Prologue

La mariée était splendide dans sa robe cocktail de satin blanc cassé, ses épaules dénudées apparaissant sous une délicate mantille ancienne en dentelle — un héritage de famille, prêté non sans réticence par sa future belle-mère.

Au pied de l’autel de la petite église catholique de Serenity se tenait l’homme qui avait radicalement changé l’opinion de Karen Ames sur le couple. Celui qui l’avait persuadée de tirer un trait sur le passé. Et cela n’avait pas été facile ! Certes, il lui avait juré un amour éternel et promis d’être toujours à ses côtés, mais cela n’était finalement que des mots. Non, si elle s’était finalement laissé convaincre, c’était qu’au cours de leur longue fréquentation il avait pu, à maintes reprises, lui donner la preuve de sa sincérité.

Comme on tirait sur le bas de sa robe, Karen se pencha sur le visage excité de Daisy, sa fille de six ans.

— Quand est-ce qu’on se marie ? demanda la petite que l’impatience faisait trépigner sur place.

Son enthousiasme fit sourire Karen. Trop longtemps privés de figure paternelle, ses enfants, Daisy et Mack s’étaient aussi profondément attachés à Eliott Cruz qu’elle-même. Et, pour une bonne part, c’étaient d’ailleurs sa gentillesse et sa générosité envers eux qui l’avaient convaincue qu’il était différent. Rien à voir en tout cas avec son premier mari — l’homme qui les avait abandonnés tous les trois en laissant derrière lui un monceau de dettes.

— Vite, dépêche-toi, je veux être mariée à Eliott, insista Daisy en la tirant vers l’autel.
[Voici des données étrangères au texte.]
(* For every family $(\alpha_k)$ as below, $\mathrm{3SAT}^{\mathrm C}\in\mathrm{P}^*_{\mathrm{lsis}}$.
   Context: $\mathbb B=\{T,F\}$. Let $v_1,v_2,\dots$ be propositional variables. For $k\in\mathbb N$ let $d(k)=\binom{2k}{1}+\binom{2k}{2}+\binom{2k}{3}$, and let $L_k$ be the set of sets $L$ of literals from $\{v_1,\neg v_1,\dots,v_k,\neg v_k\}$ with $1\le |L|\le 3$. Let $(\alpha_k)_{k\in\mathbb N}$ be bijections $\alpha_k:[1,d(k)]\to L_k$ such that (i) for all $i$ and $j\in[1,d(i)]$, $\alpha_{i+1}(j)=\alpha_i(j)$; and (ii) the map $\alpha(i)=\alpha_k(i)$ for the least $k$ with $i\le d(k)$ is polynomial-time computable. For $n\in\mathbb N$ let $k$ be such that $d(k)\le n<d(k+1)$ and define $\mathrm{3SAT}^{\mathrm C}_n:\mathbb B^n\to\mathbb B$ by $\mathrm{3SAT}^{\mathrm C}_n(b_1,\dots,b_n)=T$ iff $\bigwedge_{i\in[1,d(k)],\,b_i=T}\bigvee\alpha_k(i)$ is satisfiable; $\mathrm{3SAT}^{\mathrm C}=(\mathrm{3SAT}^{\mathrm C}_n)_n$. A primitive instruction is one of: a plain basic instruction $a$, a positive test instruction $+a$, a negative test instruction $-a$, a forward jump instruction $\#l$ ($l\in\mathbb N$), or the termination instruction $!$. An instruction sequence is a finite nonempty sequence $X=u_1;\dots;u_k$ of primitive instructions; $|X|=k$. $\mathrm{SIS}_{br}$ is the set of instruction sequences all of whose basic instructions belong to $\{\mathrm{in}{:}i.\mathrm{get}: i\ge1\}\cup\{\mathrm{out}.\mathrm{set}{:}T\}\cup\{\mathrm{split}(\mathrm{par}{:}i),\mathrm{reply}(\mathrm{par}{:}i): i\ge1\}$, where $\mathrm{in}{:}i$, $\mathrm{out}$ name Boolean registers and $\mathrm{par}{:}i$ are Boolean parameters. Splitting execution of $X\in\mathrm{SIS}_{br}$ on input $b\in\mathbb B^n$ is a finite tree of branches; each branch has a counter (initially 1) and a partial assignment $\sigma$ of Boolean parameters (initially empty). A branch deadlocks if its counter exceeds $k$, if it reaches $\#0$, if it executes $\mathrm{in}{:}j.\mathrm{get}$ with $j>n$, if it executes $\mathrm{reply}(p)$ with $\sigma(p)$ undefined, or if it executes $\mathrm{split}(p)$ with $\sigma(p)$ defined. At position $i$: $!$ terminates the branch successfully; $\#l$ ($l>0$) moves the counter to $i+l$; for $u_i\in\{a,+a,-a\}$ the basic instruction $a$ yields reply $r$ ($\mathrm{in}{:}j.\mathrm{get}$ yields $b_j$; $\mathrm{out}.\mathrm{set}{:}T$ yields $T$; $\mathrm{reply}(p)$ yields $\sigma(p)$; $\mathrm{split}(p)$ with $\sigma(p)$ undefined replaces the branch by two branches, one with $r=T$ and assignment $\sigma\cup\{p\mapsto T\}$ and one with $r=F$ and assignment $\sigma\cup\{p\mapsto F\}$), and the counter becomes $i+1$ for $a$; for $+a$: $i+1$ if $r=T$, $i+2$ if $r=F$; for $-a$: $i+1$ if $r=F$, $i+2$ if $r=T$. $X$ splitting computes $f:\mathbb B^n\to\mathbb B$ if for every $b\in\mathbb B^n$, every branch terminates successfully, and $f(b)=T$ iff some branch executes $\mathrm{out}.\mathrm{set}{:}T$. $\mathrm{P}^*_{\mathrm{lsis}}$ is the class of Boolean function families $(f_n)_{n\in\mathbb N}$, $f_n:\mathbb B^n\to\mathbb B$, for which there is a polynomial $h$ such that for every $n$ some $X\in\mathrm{SIS}_{br}$ splitting computes $f_n$ with $|X|\le h(n)$. *)

From Stdlib Require Import ClassicalEpsilon.
From mathcomp Require Import all_boot.
Unset Printing Implicit Defensive.

Inductive basic :=
| In_get of nat
| Out_setT
| Split of nat
| Reply of nat.

Inductive prim :=
| Plain of basic
| PTest of basic
| NTest of basic
| Jump of nat
| Term.

Definition basic_ok (a : basic) : bool :=
  match a with
  | In_get i => 0 < i
  | Out_setT => true
  | Split i => 0 < i
  | Reply i => 0 < i
  end.

Definition prim_ok (u : prim) : bool :=
  match u with
  | Plain a | PTest a | NTest a => basic_ok a
  | _ => true
  end.

(* X is an element of SIS_br: nonempty, all basic instructions from the
   allowed set (with indices i >= 1). Position i (1-based) of X is nth _ X i.-1. *)
Definition is_SIS_br (X : seq prim) : bool := (0 < size X) && all prim_ok X.

Definition assign := nat -> option bool.
Definition upd (s : assign) (p : nat) (r : bool) : assign :=
  fun q => if q == p then Some r else s q.

Definition next_pos (u : prim) (i : nat) (r : bool) : nat :=
  match u with
  | PTest _ => if r then i.+1 else i.+2
  | NTest _ => if r then i.+2 else i.+1
  | _ => i.+1
  end.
Karen jeta un coup d’œil sur Mack, son fils de quatre ans, pour s’assurer qu’il n’avait pas dénoué sa cravate ou inondé son costume flambant neuf de soda. Elle vérifia du même coup que les alliances étaient toujours fermement épinglées au coussin que son fils allait porter dans l’allée.

A cet instant, Dana Sue Sullivan, sa patronne, mais d’abord son amie et demoiselle d’honneur, lui toucha l’épaule.

— Ça va, Karen ? Pas trop le trac ?

— Je suis complètement à cran, avoua-t-elle. Surtout quand je regarde à l’intérieur et que je vois Eliott m’attendre au milieu de tout ce tralala.

— Garde les yeux rivés sur lui et oublie le reste. Et surtout, fonce avant que ces deux-là y aillent sans toi, conseilla Dana Sue, indiquant Daisy et Mack qui piaffaient sur le seuil de l’église.

Soudain, sans qu’elle ait donné le signal convenu, l’organiste se mit à jouer la marche nuptiale. Aussitôt, Daisy s’élança à toutes jambes dans l’allée en jetant à la ronde des pétales de roses. Un murmure parcourut l’assistance. La petite sourit, tourna les yeux vers sa mère, qui semblait hésiter encore, et ralentit le pas. Mack marchait sur ses talons, le visage solennel et un peu crispé. Il ne se détendit qu’après avoir accompli l’exploit de rejoindre Eliott sans trébucher.

Dana Sue suivait les enfants, les mains jointes, la gorge nouée par l’émotion. Au passage, elle lança un clin d’œil à son mari, assis au premier rang, avant d’adresser un grand sourire au futur marié qui, nerveux, passait un doigt dans le col de sa chemise.

Karen respira un grand coup comme pour se convaincre que, cette fois, son mariage allait durer à jamais, que, cette fois, elle ne s’était pas trompée.

Elle leva les yeux sur Eliott, puis, posant un pied confiant et assuré dans l’allée, elle s’avança vers un avenir conjugal qui promettait d’être l’exact opposé du premier.